-- Given information follows --
(* On a triangle close to a point [y] of differentiability, [f] is [e]-close to its tangent
   map, whose triangle integral vanishes. *)
Lemma tri_integral_le_near (K : C -> Prop) (f : C -> C) T y l e d :
  convex K -> (forall z, K z -> continuous f z) -> tri_in K T -> 0 <= e ->
  (forall u, Cmod (u - y) < d -> Cmod (f u - f y - (u - y) * l) <= e * Cmod (u - y)) ->
  Cmod (y - apex T) <= 2 * perimeter T -> 3 * perimeter T < d ->
  Cmod (tri_integral f T) <= e * (3 * perimeter T ^ 2).
Proof.
  intros HK Hf HT He Hd Hy Hp. pose proof (perimeter_ge0 T) as Hp0.
  destruct T as [[a b] c]. destruct HT as (Ha & Hb & Hc).
  cbn [tri_integral perimeter apex] in Hy, Hp, Hp0 |- *.
  set (p := Cmod (a - b) + Cmod (b - c) + Cmod (c - a)) in *.
  set (r := fun u => (f u - (f y - l * y + l * u))%C).
  assert (Hr : forall z, K z -> continuous r z).
  { intros z Hz. apply (continuous_minus (K := C_AbsRing) (V := C_NormedModule));
      [apply Hf, Hz|apply continuous_affine]. }
  assert (Hrb : forall z, Cmod (z - a) <= p -> Cmod (r z) <= e * (3 * p)).
  { intros z Hz.
    assert (Hzy : Cmod (z - y) <= 3 * p).
    { pose proof (Cmod_triangle (z - a) (a - y)).
      replace (z - a + (a - y))%C with (z - y)%C in * by ring. rewrite (Cmod_sym a y) in *. lra. }
    unfold r. replace (f z - (f y - l * y + l * z))%C with (f z - f y - (z - y) * l)%C by ring.
    eapply Rle_trans; [apply Hd; lra|]. apply Rmult_le_compat_l; lra. }
  assert (Edge : forall x w, K x -> K w -> Cmod (x - a) <= p -> Cmod (w - a) <= p ->
                   Cmod (seg_integral r x w) <= Cmod (w - x) * (e * (3 * p))).
  { intros x w Hx Hw Hxa Hwa.
    apply seg_integral_norm_le; [apply (continuous_on_seg_convex K); auto|].
    intros t Ht. apply Hrb. eapply Rle_trans; [apply Cmod_seg_sub_le, Ht|]. now apply Rmax_lub. }
  pose proof (Cmod_ge_0 (a - b)). pose proof (Cmod_ge_0 (b - c)). pose proof (Cmod_ge_0 (c - a)).
  assert (Hba : Cmod (b - a) <= p) by (rewrite Cmod_sym; unfold p; lra).
  assert (Hca : Cmod (c - a) <= p) by (unfold p; lra).
  assert (Haa : Cmod (a - a) <= p)
    by (replace (a - a)%C with (RtoC 0) by ring; rewrite Cmod_0; lra).
  pose proof (Edge a b Ha Hb Haa Hba) as E1. pose proof (Edge b c Hb Hc Hba Hca) as E2.
  pose proof (Edge c a Hc Ha Hca Haa) as E3.
  rewrite (Cmod_sym b a) in E1. rewrite (Cmod_sym c b) in E2. rewrite (Cmod_sym a c) in E3.
  rewrite <- (triangle_integral_sub_affine K f (f y - l * y) l a b c) by auto.
  fold r. unfold triangle_integral.
  pose proof (Cmod_triangle (seg_integral r a b + seg_integral r b c) (seg_integral r c a)).
  pose proof (Cmod_triangle (seg_integral r a b) (seg_integral r b c)).
  replace (e * (3 * p ^ 2)) with (p * (e * (3 * p))) by ring.
  unfold p at 1. lra.
Qed.

Theorem goursat (K : C -> Prop) (f : C -> C) a b c : convex K -> approx_closed K ->
  (forall z, K z -> ex_C_derive f z) -> K a -> K b -> K c ->
  triangle_integral f a b c = RtoC 0.
Proof.
  intros HK Hcl Hd Ha Hb Hc.
  assert (Hf : forall z, K z -> continuous f z) by (intros; apply ex_C_derive_continuous; auto).
  set (T0 := (a, b, c)). assert (HT0 : tri_in K T0) by (repeat split; auto).
  set (p0 := perimeter T0).
  destruct (goursat_nest_limit K f T0 HK HT0 Hcl) as (y & Ky & Hy).
  destruct (Hd y Ky) as [l Hl]. rewrite is_C_derive_eps in Hl.
  (* [|I T0| <= 4^N |I (T N)| <= 4^N e 3 (p0 / 2^N)^2 = 3 e p0^2] *)
  assert (Main : forall e, 0 < e -> Cmod (tri_integral f T0) <= e * (3 * p0 ^ 2)).
  { intros e He. destruct (Hl e He) as (d & Hd0 & Hdd).
    destruct (half_pow_small (3 * p0) d Hd0) as [N HN].
    pose proof (tri_integral_le_near K f (goursat_nest f T0 N) y l e d HK Hf
                  (tri_in_goursat_nest K f T0 HK HT0 N) ltac:(lra) Hdd (Hy N)
                  ltac:(rewrite perimeter_goursat_nest; fold p0; lra)) as TB.
    rewrite perimeter_goursat_nest in TB. fold p0 in TB.
    eapply Rle_trans; [exact (tri_integral_goursat_nest K f T0 HK Hf HT0 N)|].
    replace (e * (3 * p0 ^ 2)) with (4 ^ N * (e * (3 * (p0 * (1/2) ^ N) ^ 2))).
    - apply Rmult_le_compat_l; [apply pow_le; lra|exact TB].
    - assert (Q : 4 ^ N * ((1/2) ^ N) ^ 2 = 1).
      { rewrite <- pow_mult, Nat.mul_comm, pow_mult, <- Rpow_mult_distr.
        replace (4 * (1/2) ^ 2) with 1 by field. apply pow1. }
      rewrite Rpow_mult_distr.
      transitivity (e * (3 * p0 ^ 2) * (4 ^ N * ((1/2) ^ N) ^ 2)); [|rewrite Q]; ring. }
  apply Cmod_eq_0, Rle_antisym; [|apply Cmod_ge_0].
  apply Rle_of_forall_eps. intros e He.
  assert (Hp : 0 < 3 * p0 ^ 2 + 1) by (pose proof (pow2_ge_0 p0); lra).
  specialize (Main (e / (3 * p0 ^ 2 + 1)) ltac:(apply Rdiv_lt_0_compat; lra)).
  assert (e / (3 * p0 ^ 2 + 1) * (3 * p0 ^ 2) <= e).
  { apply Rle_trans with (e / (3 * p0 ^ 2 + 1) * (3 * p0 ^ 2 + 1)).
    - apply Rmult_le_compat_l; [apply Rlt_le, Rdiv_lt_0_compat|]; lra.
    - right. field. lra. }
  change (tri_integral f T0) with (triangle_integral f a b c) in Main. lra.
Qed.

(** * Primitives on the disk *)

Lemma seg_integral_add_of_triangle (f : C -> C) z0 a b :
  triangle_integral f z0 a b = RtoC 0 -> continuous_on_seg f z0 b ->
  seg_integral f z0 b = (seg_integral f z0 a + seg_integral f a b)%C.
Proof.
  unfold triangle_integral. intros HE Hc. rewrite (seg_integral_swap f z0 b Hc) in HE.
  apply (f_equal (fun x => x + seg_integral f z0 b)%C) in HE.
  ring_simplify in HE. rewrite HE. ring.
Qed.

Lemma is_C_derive_seg_integral (f : C -> C) z0 z rho : 0 < rho ->
  (forall y, Cmod (y - z) < rho -> continuous f y) ->
  (forall y, Cmod (y - z) < rho ->
     seg_integral f z0 y = (seg_integral f z0 z + seg_integral f z y)%C) ->
  is_C_derive (seg_integral f z0) z (f z).
Proof.
  intros Hr Hc Hs. apply is_C_derive_eps. intros e He.
  assert (Hzz : Cmod (z - z) = 0) by (replace (z - z)%C with (RtoC 0) by ring; apply Cmod_0).
  destruct (proj1 (continuous_C_eps f z) (Hc z ltac:(lra)) e He) as (d & Hd & Hdd).
  exists (Rmin rho d). split; [apply Rmin_pos; lra|]. intros y Hy.
  assert (Hy1 := Rlt_le_trans _ _ _ Hy (Rmin_l _ _)).
  assert (Hy2 := Rlt_le_trans _ _ _ Hy (Rmin_r _ _)).
  assert (Hseg : forall t, 0 <= t <= 1 -> Cmod (z + RtoC t * (y - z) - z) < Rmin rho d).
  { intros t Ht. apply Cmod_seg_sub_lt; auto. rewrite Hzz. apply Rmin_pos; lra. }
  assert (Hcf : continuous_on_seg f z y)
    by (intros t Ht; apply Hc; eapply Rlt_le_trans; [apply Hseg, Ht|apply Rmin_l]).
  rewrite (Hs y Hy1).
  replace (seg_integral f z0 z + seg_integral f z y - seg_integral f z0 z - (y - z) * f z)%C
    with (seg_integral f z y - seg_integral (fun _ => f z) z y)%C
    by (rewrite seg_integral_const; ring).
  rewrite <- seg_integral_minus by (auto; intros t _; apply continuous_const).
  rewrite Rmult_comm. apply seg_integral_norm_le.
  - intros t Ht. apply (continuous_minus (K := C_AbsRing) (V := C_NormedModule));
      [apply Hcf, Ht|apply continuous_const].
  - intros t Ht. left. apply Hdd. eapply Rlt_le_trans; [apply Hseg, Ht|apply Rmin_r].
Qed.

Definition closed_disk (r : R) (z : C) : Prop := Cmod z <= r.

Lemma convex_closed_disk r : convex (closed_disk r).
Proof.
  intros x y t Hx Hy Ht. unfold closed_disk in *.
  pose proof (Cmod_seg_sub_le x y 0 t Ht) as H.
  replace (x + RtoC t * (y - x) - 0)%C with (x + RtoC t * (y - x))%C in H by ring.
  replace (x - 0)%C with x in H by ring. replace (y - 0)%C with y in H by ring.
  eapply Rle_trans; [exact H|]. now apply Rmax_lub.
Qed.

Lemma approx_closed_closed_disk r : approx_closed (closed_disk r).
Proof.
  intros z H. unfold closed_disk. apply Rle_of_forall_eps. intros e He.
  destruct (H e He) as (y & Hy1 & Hy2). unfold closed_disk in Hy1.
  pose proof (Cmod_triangle y (z - y)). replace (y + (z - y))%C with z in * by ring.
  rewrite (Cmod_sym z y) in *. lra.
Qed.

Lemma Disk_ball z y : Disk z -> Cmod (y - z) < (1 - Cmod z) / 2 -> Disk y.
Proof.
  unfold Disk. intros Hz Hy. pose proof (Cmod_triangle z (y - z)).
  replace (z + (y - z))%C with y in * by ring. lra.
Qed.

Lemma Disk_seg_integral_add (w : C -> C) a b : analytic_on Disk w -> Disk a -> Disk b ->
  seg_integral w 0 b = (seg_integral w 0 a + seg_integral w a b)%C.
Proof.
  intros Hw Ha Hb. set (r := Rmax (Cmod a) (Cmod b)).
  assert (Hr : r < 1) by (apply Rmax_lub_lt; auto).
  assert (HK : forall z, closed_disk r z -> Disk z)
    by (unfold closed_disk, Disk; intros; lra).
  assert (K0 : closed_disk r 0).
  { unfold closed_disk. rewrite Cmod_0.
    eapply Rle_trans; [apply Cmod_ge_0|apply (Rmax_l _ (Cmod b))]. }
  assert (Ka : closed_disk r a) by apply Rmax_l. assert (Kb : closed_disk r b) by apply Rmax_r.
  apply seg_integral_add_of_triangle.
  - apply (goursat (closed_disk r)); auto using convex_closed_disk, approx_closed_closed_disk.
  - apply (continuous_on_seg_convex (closed_disk r)); auto using convex_closed_disk.
    intros z Hz. apply ex_C_derive_continuous, Hw, HK, Hz.
Qed.

Lemma is_C_derive_Disk_primitive (w : C -> C) z : analytic_on Disk w -> Disk z ->
  is_C_derive (seg_integral w 0) z (w z).
Proof.
  intros Hw Hz. apply (is_C_derive_seg_integral w 0 z ((1 - Cmod z) / 2)).
  - unfold Disk in Hz. lra.
  - intros y Hy. apply ex_C_derive_continuous, Hw. eapply Disk_ball; eauto.
  - intros y Hy. apply Disk_seg_integral_add; auto. eapply Disk_ball; eauto.
Qed.

(** * Triangles with a vertex at 0 *)

Lemma triangle_integral_norm_le (f : C -> C) r B a b c :
  (forall z, closed_disk r z -> continuous f z) -> (forall z, closed_disk r z -> Cmod (f z) <= B) ->
  closed_disk r a -> closed_disk r b -> closed_disk r c ->
  Cmod (triangle_integral f a b c) <= 6 * r * B.
Proof.
  intros Hc HB Ha Hb Hc'.
  assert (Edge : forall x y, closed_disk r x -> closed_disk r y ->
                   Cmod (seg_integral f x y) <= 2 * r * B).
  { intros x y Hx Hy. eapply Rle_trans; [apply seg_integral_norm_le|].
    - apply (continuous_on_seg_convex (closed_disk r)); auto using convex_closed_disk.
    - intros t Ht. apply HB, convex_closed_disk; auto.
    - pose proof (Cmod_triangle y (- x)). rewrite Cmod_opp in *. unfold closed_disk in *.
      pose proof (Rle_trans _ _ _ (Cmod_ge_0 _) (HB x Hx)).
      apply Rmult_le_compat_r; [lra|]. replace (y + - x)%C with (y - x)%C in * by ring. lra. }
  unfold triangle_integral.
  pose proof (Cmod_triangle (seg_integral f a b + seg_integral f b c) (seg_integral f c a)).
  pose proof (Cmod_triangle (seg_integral f a b) (seg_integral f b c)).
  pose proof (Edge a b Ha Hb). pose proof (Edge b c Hb Hc'). pose proof (Edge c a Hc' Ha). lra.
Qed.

Lemma closed_disk_scal r (s : R) z : 0 <= s -> closed_disk r z -> closed_disk (s * r) (RtoC s * z).
Proof.
  unfold closed_disk. intros Hs Hz. rewrite Cmod_scal, Rabs_pos_eq by exact Hs.
  apply Rmult_le_compat_l; assumption.
Qed.

Lemma triangle_integral_cut (f : C -> C) r a b s :
  (forall z, closed_disk r z -> continuous f z) ->
  closed_disk r a -> closed_disk r b -> 0 <= s <= 1 ->
  triangle_integral f 0 a b =
  (triangle_integral f 0 (RtoC s * a) (RtoC s * b) + triangle_integral f (RtoC s * a) a b
   + triangle_integral f (RtoC s * a) b (RtoC s * b))%C.
Proof.
  intros Hc Ha Hb Hs.
  assert (Hseg : forall x y, closed_disk r x -> closed_disk r y -> continuous_on_seg f x y)
    by (intros; apply (continuous_on_seg_convex (closed_disk r)); auto using convex_closed_disk).
  assert (K0 : closed_disk r 0)
    by (unfold closed_disk in *; rewrite Cmod_0; pose proof (Cmod_ge_0 a); lra).
  assert (Ksa : closed_disk r (RtoC s * a)).
  { replace (RtoC s * a)%C with (0 + RtoC s * (a - 0))%C by ring.
    apply convex_closed_disk; auto; lra. }
  assert (Ksb : closed_disk r (RtoC s * b)).
  { replace (RtoC s * b)%C with (0 + RtoC s * (b - 0))%C by ring.
    apply convex_closed_disk; auto; lra. }
  unfold triangle_integral.
  rewrite (seg_integral_split f 0 a s), (seg_integral_split f b 0 (1 - s)) by (auto; lra).
  replace (0 + RtoC s * (a - 0))%C with (RtoC s * a)%C by ring.
  replace (b + RtoC (1 - s) * (0 - b))%C with (RtoC s * b)%C by (Csimpl; ring).
  rewrite (seg_integral_swap f (RtoC s * a) b), (seg_integral_swap f (RtoC s * a) (RtoC s * b))
    by auto.
  ring.
Qed.

Definition dot (u z : C) : R := Re (Cconj u * z).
-- Given information concluded --
• [Work item]
Go through the entries above and copy every line containing "ltac".

• [Written answer]
                  (tri_in_goursat_nest K f T0 HK HT0 N) ltac:(lra) Hdd (Hy N)
                  ltac:(rewrite perimeter_goursat_nest; fold p0; lra)) as TB.
  specialize (Main (e / (3 * p0 ^ 2 + 1)) ltac:(apply Rdiv_lt_0_compat; lra)).
  destruct (proj1 (continuous_C_eps f z) (Hc z ltac:(lra)) e He) as (d & Hd & Hdd).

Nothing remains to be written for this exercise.